Archil Kiknadze

Personal information
- Full name: Archil Kiknadze
- Date of birth: 16 March 1915
- Place of birth: Chkheri, Kharagauli, Kutais Governorate, Russian Empire
- Date of death: 27 June 1967 (aged 52)
- Place of death: Tbilisi, Soviet Union
- Height: 1.75 m (5 ft 9 in)
- Position(s): Defender

Youth career
- 1934–1936: ZII Tbilisi

Senior career*
- Years: Team / Apps / (Gls)
- 1937–1949: FC Dinamo Tbilisi / 160 / (0)

Managerial career
- 1952: FC Dinamo Tbilisi (assistant)
- 1956–1957: FC Dinamo Tbilisi (assistant)

= Archil Kiknadze =

Georgian and Soviet football player and manager

Archil Kiknadze (არჩილ კიკნაძე, Арчил Самуилович Кикнадзе; born 16 March 1915 in Chkheri, Kharagauli; died 27 June 1967 in Tbilisi), was a Georgian and Soviet football player and manager.

==Career==
===As a player===
Kiknadze, born in village Chkheri, Kharagauli, started his career in ZII Tbilisi of Georgian SSR and made his debut in the club's first team squad at the age of 19. Because of his good performances during the official matches of the regional tournament within the Soviet Union, when ZII Tbilisi won Georgian SSR Championship in 1936 — Aleksey Andreevich Sokolov (1904–1989) senior then coach of Dinamo Tbilisi noticed this young player and invited him to join the club's reserve team.

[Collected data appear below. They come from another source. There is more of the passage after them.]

(* Let $m\ge3$ be an integer and let $\mathbf{C}$ be a binary linear $[2^{2m-2}+2^{m-1}-1,\ 2m-1]$ code whose set of nonzero weights is $\{2^{2m-3},\,2^{2m-3}+2^{m-2},\,2^{2m-3}+2^{m-1}\}$. Then the code $\mathbf{C}'$ obtained from $\mathbf{C}$ by the extension construction is a minimal binary linear $[3\cdot2^{2m-3}-1,\ 2m-1,\ 2^{2m-3}]_2$ code with maximum weight $2^{2m-2}$ which violates the Ashikhmin–Barg condition. Moreover, when $m\ge4$, $\mathbf{C}'$ is self-orthogonal.
   Context: Extension construction for a binary $[N,K]$ code $\mathbf{D}$, $K\ge2$, with minimum nonzero weight $w_{min}$, maximum weight $w_{max}$ and $n'=2w_{min}-w_{max}\ge1$: choose a basis $\mathbf{r}_1,\dots,\mathbf{r}_K$ with $wt(\mathbf{r}_1)=w_{max}$, $wt(\mathbf{r}_2)=w_{min}$; the extended code is generated by $(\mathbf{1},\mathbf{r}_1),(\mathbf{0},\mathbf{r}_2),\dots,(\mathbf{0},\mathbf{r}_K)$ in $\mathbf{F}_2^{n'+N}$, with $\mathbf{1},\mathbf{0}\in\mathbf{F}_2^{n'}$. Self-orthogonal: $\mathbf{C}\subseteq\mathbf{C}^\perp$. Minimal code: nonzero codewords with nested supports are equal. Ashikhmin–Barg condition (binary): $w_{min}/w_{max}>1/2$. *)

From HB Require Import structures.
From mathcomp Require Import all_boot all_order all_algebra.
Set Implicit Arguments. Unset Strict Implicit. Unset Printing Implicit Defensive.
Import GRing.Theory.
Local Open Scope ring_scope.

Notation bvec n := 'rV['F_2]_n.
Notation bcode n := {vspace 'rV['F_2]_n}.

Definition wt n (v : bvec n) : nat := #|[pred i : 'I_n | v 0 i != 0]|.

Definition supp n (v : bvec n) : {set 'I_n} := [set i | v 0 i != 0].

Definition wmin n (C : bcode n) : nat :=
  \big[minn/n]_(v : bvec n | (v \in C) && (v != 0)) wt v.
Definition wmax n (C : bcode n) : nat := \max_(v : bvec n | v \in C) wt v.

Definition dotp n (u v : bvec n) : 'F_2 := \sum_(i < n) u 0 i * v 0 i.

Definition self_orthogonal n (C : bcode n) : Prop :=
  forall u v, u \in C -> v \in C -> dotp u v = 0.

Definition minimal_code n (C : bcode n) : Prop :=
  forall u v, u \in C -> v \in C -> u != 0 -> v != 0 ->
    supp u \subset supp v -> u = v.

Definition ashikhmin_barg n (C : bcode n) : Prop :=
  (1 / 2 : rat) < (wmin C)%:R / (wmax C)%:R.

(* Extension construction: given a basis r = [:: r_1; r_2; ...; r_K] of D
   (with wt r_1 = wmax, wt r_2 = wmin, imposed separately), the extended code
   is spanned by (1, r_1), (0, r_2), ..., (0, r_K) in F_2^(n' + N). *)
Definition ext_gens n' N (r : seq (bvec N)) : seq (bvec (n' + N)) :=
  match r with
  | [::] => [::]
  | r1 :: rs => row_mx (const_mx 1) r1 :: map (row_mx 0) rs
  end.

Definition ext_code n' N (r : seq (bvec N)) : bcode (n' + N) :=
  <<ext_gens n' r>>%VS.

(* A nonzero codeword of the extended code C' is (0, c) or (1, c) with c a
   nonzero codeword of C, so its weight lies between wmin(C) and
   n' + wmax(C) = 2 wmin(C); both bounds are attained by (0, r_2) and (1, r_1).
   Hence wmax(C') = 2 wmin(C'), which is exactly the failure of the
   Ashikhmin-Barg condition.  If supp u is properly contained in supp v, then u
   and v - u are nonzero codewords whose weights add up to wt v <= 2 wmin, so
   both have weight wmin and therefore zero head; then v = (0, c) has weight at
   most wmax(C) < 2 wmin(C), a contradiction.  For m >= 4 the length n' and all
   weights of C are multiples of 4, so C' is doubly even, hence self-orthogonal. *)

From HB Require Import structures.
From mathcomp Require Import all_boot all_order all_algebra.
From mathcomp Require Import zify.
Set Implicit Arguments. Unset Strict Implicit. Unset Printing Implicit Defensive.
Import GRing.Theory Num.Theory Order.TTheory.
Local Open Scope ring_scope.

Lemma F2_cases (x : 'F_2) : x = 0 \/ x = 1.
Proof. by case: x => [[|[|//]]] x_lt2; [left | right]; apply: val_inj. Qed.

Lemma wtE n (v : bvec n) : wt v = #|supp v|.
Proof. by rewrite /wt /supp cardsE. Qed.

Lemma wt_le n (v : bvec n) : (wt v <= n)%N.
Proof. by rewrite /wt; apply: leq_trans (max_card _) _; rewrite card_ord. Qed.

Lemma wt0 n : wt (0 : bvec n) = 0%N.
Proof. by apply: eq_card0 => i; rewrite inE mxE eqxx. Qed.

Lemma wt_const1 n : wt (const_mx 1 : bvec n) = n.
Proof. by rewrite /wt -[RHS]card_ord; apply: eq_card => i; rewrite inE mxE. Qed.

Lemma wt_row_mx n1 n2 (u : bvec n1) (v : bvec n2) :
  wt (row_mx u v) = (wt u + wt v)%N.
Proof.
rewrite /wt -!sum1_card big_split_ord /=.
by congr (_ + _)%N; apply: eq_bigl => i; rewrite !inE ?row_mxEl ?row_mxEr.
Qed.

Lemma suppN n (v : bvec n) : supp (- v) = supp v.
Proof. by apply/setP => i; rewrite !inE mxE oppr_eq0. Qed.

Lemma suppD n (u v : bvec n) :
  supp (u + v) = (supp u :|: supp v) :\: (supp u :&: supp v).
Proof.
apply/setP => i; rewrite !inE mxE.
by case: (F2_cases (u 0 i)) => ->; case: (F2_cases (v 0 i)) => ->.
Qed.

Lemma wtD n (u v : bvec n) :
  (wt u + wt v = wt (u + v) + 2 * #|supp u :&: supp v|)%N.
Proof.
rewrite !wtE suppD cardsDS; last exact: subset_trans (subsetIl _ _) (subsetUl _ _).
have := subset_leq_card (subsetIl (supp u) (supp v)).
have := subset_leq_card (subsetIr (supp u) (supp v)).
rewrite cardsU; lia.
Qed.

Lemma wtB_subset n (u v : bvec n) :
  supp u \subset supp v -> wt (v - u) = (wt v - wt u)%N.
Proof.
move=> /setIidPr supp_uv; have := wtD v (- u).
by rewrite suppN supp_uv !wtE suppN; lia.
Qed.

Lemma dotpE n (u v : bvec n) : dotp u v = #|supp u :&: supp v|%:R.
Proof.
rewrite /dotp -sum1_card natr_sum [RHS]big_mkcond /=; apply: eq_bigr => i _.
rewrite !inE.
by case: (F2_cases (u 0 i)) => ->; case: (F2_cases (v 0 i)) => ->;
  rewrite ?mul0r ?mulr0 ?mulr1.
Qed.

Lemma doubly_even_self_orthogonal n (C : bcode n) :
  (forall v, v \in C -> (4 %| wt v)%N) -> self_orthogonal C.
Proof.
move=> C4 u v Cu Cv; rewrite dotpE.
have : (2 * 2 %| 2 * #|supp u :&: supp v|)%N.
  by rewrite -(dvdn_addl _ (C4 _ (memvD Cu Cv))) addnC -wtD dvdn_add ?C4.
rewrite dvdn_pmul2l // => /dvdnP [k ->].
by rewrite natrM (pchar_Fp_0 (isT : prime 2)) mulr0.
Qed.

Lemma wmin_eq n (C : bcode n) (v : bvec n) :
  v \in C -> v != 0 -> (forall u, u \in C -> u != 0 -> (wt v <= wt u)%N) ->
  wmin C = wt v.
Proof.
move=> Cv v_nz v_min; rewrite /wmin -Order.NatOrder.minEnat.
apply/eqP; rewrite eqn_leq; apply/andP; split.
  by apply: (@bigmin_le_cond _ nat); rewrite Cv.
apply/(@bigmin_geP _ nat); split; first exact: wt_le.
by move=> u /andP [Cu u_nz]; apply: v_min.
Qed.

Lemma wmax_eq n (C : bcode n) (v : bvec n) :
  v \in C -> (forall u, u \in C -> (wt u <= wt v)%N) -> wmax C = wt v.
Proof.
move=> Cv v_max; apply/eqP; rewrite eqn_leq (leq_bigmax_cond _ Cv) andbT.
exact/bigmax_leqP.
Qed.

Lemma not_ashikhmin_barg_wmax_double n (C : bcode n) :
  wmax C = (2 * wmin C)%N -> ~ ashikhmin_barg C.
Proof.
rewrite /ashikhmin_barg => ->; apply/negP; rewrite -leNgt.
have [->|w_nz] := eqVneq (wmin C) 0%N; first by rewrite mul0r.
by rewrite natrM invfM mulrCA mulfV ?mulr1 ?div1r // pnatr_eq0.
Qed.

Lemma mem_span_row0 n' N (rs : seq (bvec N)) (y : bvec (n' + N)) :
  y \in <<map (row_mx 0) rs>>%VS -> exists2 c, c \in <<rs>>%VS & y = row_mx 0 c.
Proof.
elim: rs y => [|x rs IH] y /=.
  by rewrite span_nil memv0 => /eqP ->; exists 0; rewrite ?mem0v ?row_mx0.
rewrite span_cons => /memv_addP [_ /vlineP [k ->]] [_ /IH [c rs_c ->] ->].
exists (k *: x + c); first by rewrite span_cons memv_add ?memvZ ?memv_line.
by rewrite scale_row_mx add_row_mx scaler0 addr0.
Qed.

Lemma free_map_row0 n' N (rs : seq (bvec N)) :
  free rs -> free (map (row_mx (0 : bvec n')) rs).
Proof.
elim: rs => [|x rs IH] /=; first by move=> _; apply: nil_free.
rewrite !free_cons => /andP [rs'x free_rs]; rewrite IH // andbT.
by apply: contra rs'x => /mem_span_row0 [c rs_c /eq_row_mx [_ ->]].
Qed.

Lemma free_ext_gens n' N (r1 : bvec N) rs :
  (0 < n')%N -> free (r1 :: rs) -> free (ext_gens n' (r1 :: rs)).
Proof.
move=> n'_gt0; rewrite /= !free_cons => /andP [_ free_rs].
rewrite free_map_row0 // andbT.
apply/negP => /mem_span_row0 [c _] /eq_row_mx [/matrixP head0 _].
by move: (head0 0 (Ordinal n'_gt0)); rewrite !mxE.
Qed.

Lemma mem_ext_code n' N (r1 : bvec N) rs x :
  x \in ext_code n' (r1 :: rs) ->
  exists k, exists2 c, c \in <<rs>>%VS & x = row_mx (k *: const_mx 1) (k *: r1 + c).
Proof.
rewrite /ext_code /= span_cons.
move=> /memv_addP [_ /vlineP [k ->]] [_ /mem_span_row0 [c rs_c ->] ->].
by exists k, c; rewrite // scale_row_mx add_row_mx addr0.
Qed.

Section ExtensionConstruction.

Variables (n' N : nat) (C : bcode N) (r1 r2 : bvec N) (rs : seq (bvec N)).
Hypothesis r_basis : basis_of C [:: r1, r2 & rs].
Hypothesis wt_range :
  forall c, c \in C -> c != 0 -> (wt r2 <= wt c <= wt r1)%N.
Hypothesis n'_gt0 : (0 < n')%N.
Hypothesis n'E : (n' + wt r1 = 2 * wt r2)%N.

Local Notation C' := (ext_code n' [:: r1, r2 & rs]).

Let C_span : <<[:: r1, r2 & rs]>>%VS = C := span_basis r_basis.

Let r2_nz : r2 != 0.
Proof. by apply: (free_not0 (basis_free r_basis)); rewrite !inE eqxx orbT. Qed.

Lemma dim_ext_code : \dim C' = \dim C.
Proof.
rewrite -C_span (eqP (basis_free r_basis)).
by rewrite (eqP (free_ext_gens n'_gt0 (basis_free r_basis))) /= size_map.
Qed.

Lemma ext_code_cases x : x \in C' -> x != 0 ->
  exists2 c, (c \in C) && (c != 0) &
    x = row_mx 0 c \/ x = row_mx (const_mx 1) c.
Proof.
move=> /mem_ext_code [k [c rs_c ->]] x_nz.
have C_c : c \in C by rewrite -C_span span_cons -[c]add0r memv_add ?mem0v.
case: (F2_cases k) x_nz => -> x_nz.
  exists c; last by left; rewrite !scale0r add0r.
  by rewrite C_c; apply: contraNneq x_nz => ->; rewrite !scale0r add0r row_mx0.
exists (r1 + c); last by right; rewrite !scale1r.
have C_r1 : r1 \in C by rewrite -C_span memv_span ?mem_head.
rewrite memvD //=; apply: contraTneq (basis_free r_basis) => r1_c0.
have -> : r1 = - c by apply/eqP; rewrite -addr_eq0 r1_c0.
by rewrite free_cons memvN rs_c.
Qed.

Lemma wt_ext_code_bounds x : x \in C' -> x != 0 ->
  (wt r2 <= wt x <= 2 * wt r2)%N.
Proof.
move=> C'x x_nz; have [c /andP [C_c c_nz] [->|->]] := ext_code_cases C'x x_nz;
  by rewrite wt_row_mx ?wt0 ?wt_const1; have := wt_range C_c c_nz; lia.
Qed.

Lemma ext_code_wt_min x : x \in C' -> x != 0 -> wt x = wt r2 ->
  exists2 c, c \in C & x = row_mx 0 c.
Proof.
move=> C'x x_nz; have [c /andP [C_c c_nz] [->|->]] := ext_code_cases C'x x_nz.
  by exists c.
by rewrite wt_row_mx wt_const1; have := wt_range C_c c_nz; lia.
Qed.

Lemma wmin_ext_code : wmin C' = wt r2.
Proof.
have C'_r2 : row_mx 0 r2 \in C' by rewrite memv_span // !inE eqxx orbT.
rewrite (@wmin_eq _ _ (row_mx 0 r2)) ?wt_row_mx ?wt0 //.
  by rewrite row_mx_eq0 negb_and r2_nz orbT.
by move=> u C'u u_nz; have := wt_ext_code_bounds C'u u_nz; lia.
Qed.

Lemma wmax_ext_code : wmax C' = (2 * wt r2)%N.
Proof.
have C'_r1 : row_mx (const_mx 1) r1 \in C' by rewrite memv_span ?mem_head.
rewrite (@wmax_eq _ _ (row_mx (const_mx 1) r1)) ?wt_row_mx ?wt_const1 //.
move=> u C'u; have [->|u_nz] := eqVneq u 0; first by rewrite wt0.
by have := wt_ext_code_bounds C'u u_nz; lia.
Qed.

Lemma minimal_ext_code : minimal_code C'.
Proof.
move=> u v C'u C'v u_nz v_nz supp_uv; apply/eqP/contraT => u_neq_v.
have C'_vu : v - u \in C' by rewrite memvB.
have vu_nz : v - u != 0 by rewrite subr_eq0 eq_sym.
have [wt_u wt_vu wt_v] :
    [/\ wt u = wt r2, wt (v - u) = wt r2 & wt v = (2 * wt r2)%N].
  have wt_uv : (wt u <= wt v)%N by rewrite !wtE subset_leq_card.
  have := wt_ext_code_bounds C'u u_nz; have := wt_ext_code_bounds C'v v_nz.
  have := wt_ext_code_bounds C'_vu vu_nz; rewrite wtB_subset //.
  by move: wt_uv; clear => *; split; lia.
have [cu C_cu Eu] := ext_code_wt_min C'u u_nz wt_u.
have [cw C_cw Ew] := ext_code_wt_min C'_vu vu_nz wt_vu.
have Ev : v = row_mx 0 (cw + cu) by rewrite -[v](subrK u) Ew Eu add_row_mx addr0.
have [c0|c_nz] := eqVneq (cw + cu) 0.
  by move: v_nz; rewrite Ev c0 row_mx0 eqxx.
have := wt_range (memvD C_cw C_cu) c_nz; move: wt_v n'E n'_gt0.
by rewrite Ev wt_row_mx wt0; clear; lia.
Qed.

Lemma self_orthogonal_ext_code :
  (4 %| n')%N -> (forall c, c \in C -> (4 %| wt c)%N) -> self_orthogonal C'.
Proof.
move=> n'4 C4; apply: doubly_even_self_orthogonal => x C'x.
have [->|x_nz] := eqVneq x 0; first by rewrite wt0.
have [c /andP [C_c _] [->|->]] := ext_code_cases C'x x_nz;
  by rewrite wt_row_mx ?wt0 ?wt_const1 ?dvdn_add ?C4.
Qed.

End ExtensionConstruction.

Lemma dvdn4_exp2 k : (2 <= k)%N -> (4 %| 2 ^ k)%N.
Proof. exact: (@dvdn_exp2l 2 2 k). Qed.

Theorem proposition5p3 (m : nat) (hm : (3 <= m)%N)
  (C : bcode (2 ^ (2 * m - 2) + 2 ^ (m - 1) - 1))
  (hdim : \dim C = (2 * m - 1)%N)
  (hw : forall w : nat,
     (exists2 v, (v \in C) && (v != 0) & wt v = w) <->
     w \in [:: 2 ^ (2 * m - 3); 2 ^ (2 * m - 3) + 2 ^ (m - 2);
               2 ^ (2 * m - 3) + 2 ^ (m - 1)]%N)
  (r : seq (bvec (2 ^ (2 * m - 2) + 2 ^ (m - 1) - 1)))
  (hbasis : basis_of C r)
  (hr1 : wt r`_0 = (2 ^ (2 * m - 3) + 2 ^ (m - 1))%N)
  (hr2 : wt r`_1 = (2 ^ (2 * m - 3))%N) :
  let C' := ext_code (2 * 2 ^ (2 * m - 3) - (2 ^ (2 * m - 3) + 2 ^ (m - 1)))%N r in
  ((2 * 2 ^ (2 * m - 3) - (2 ^ (2 * m - 3) + 2 ^ (m - 1))
        + (2 ^ (2 * m - 2) + 2 ^ (m - 1) - 1) = 3 * 2 ^ (2 * m - 3) - 1)%N /\
      \dim C' = (2 * m - 1)%N /\
      wmin C' = (2 ^ (2 * m - 3))%N /\
      wmax C' = (2 ^ (2 * m - 2))%N /\
      minimal_code C' /\
      ~ ashikhmin_barg C' /\
      ((4 <= m)%N -> self_orthogonal C')).
Proof.
have le_exp : (2 ^ (m - 2) <= 2 ^ (m - 1))%N by rewrite leq_exp2l //; lia.
have lt_exp : (2 ^ (m - 1) < 2 ^ (2 * m - 3))%N by rewrite ltn_exp2l //; lia.
have exp_2m2 : (2 ^ (2 * m - 2) = 2 * 2 ^ (2 * m - 3))%N.
  by rewrite -expnS; congr (2 ^ _)%N; lia.
have wt_C c : c \in C -> c != 0 -> wt c \in [:: 2 ^ (2 * m - 3);
    2 ^ (2 * m - 3) + 2 ^ (m - 2); 2 ^ (2 * m - 3) + 2 ^ (m - 1)]%N.
  by move=> C_c c_nz; apply/hw; exists c; rewrite ?C_c.
have size_r : size r = (2 * m - 1)%N.
  by rewrite -hdim -(span_basis hbasis) (eqP (basis_free hbasis)).
case: r size_r hbasis hr1 hr2 => [|r1 [|r2 rs]] size_r;
  try by exfalso; move: size_r => /=; lia.
move=> r_basis wt_r1 wt_r2 C'; rewrite {}/C'.
have wt_range c : c \in C -> c != 0 -> (wt r2 <= wt c <= wt r1)%N.
  by move=> C_c /(wt_C c C_c); rewrite wt_r1 wt_r2 !inE => /or3P [] /eqP ->; lia.
have n'_gt0 : (0 < 2 * 2 ^ (2 * m - 3) - (2 ^ (2 * m - 3) + 2 ^ (m - 1)))%N
  by lia.
have n'E : (2 * 2 ^ (2 * m - 3) - (2 ^ (2 * m - 3) + 2 ^ (m - 1)) + wt r1
    = 2 * wt r2)%N by rewrite wt_r1 wt_r2; lia.
have wminE := wmin_ext_code r_basis wt_range n'_gt0 n'E.
have wmaxE := wmax_ext_code r_basis wt_range n'_gt0 n'E.
split; first lia.
split; first by rewrite (dim_ext_code r_basis n'_gt0).
split; first by rewrite wminE wt_r2.
split; first by rewrite wmaxE wt_r2 exp_2m2.
split; first exact: minimal_ext_code r_basis wt_range n'_gt0 n'E.
split; first by apply: not_ashikhmin_barg_wmax_double; rewrite wminE wmaxE.
move=> m_ge4.
apply: self_orthogonal_ext_code r_basis _ _.
  rewrite (_ : 2 * _ - _ = 2 ^ (2 * m - 3) - 2 ^ (m - 1))%N; last lia.
  by rewrite dvdn_sub ?dvdn4_exp2 //; lia.
move=> c C_c; have [->|c_nz] := eqVneq c 0; first by rewrite wt0.
move/(wt_C c C_c): c_nz; rewrite !inE => /or3P [] /eqP ->;
  by rewrite ?dvdn_add ?dvdn4_exp2 //; lia.
Qed.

He became a regular player in the first team by the 1937 season, playing 6 League and one Soviet Cup games for the club.

The following year, Kiknadze played 13 League matches from 25 and 5 Soviet Cup games. First success came in 1939. In that year he also played 13 League matches from 26 and won with the club his first domestic honour — Soviet Top League Silver medal.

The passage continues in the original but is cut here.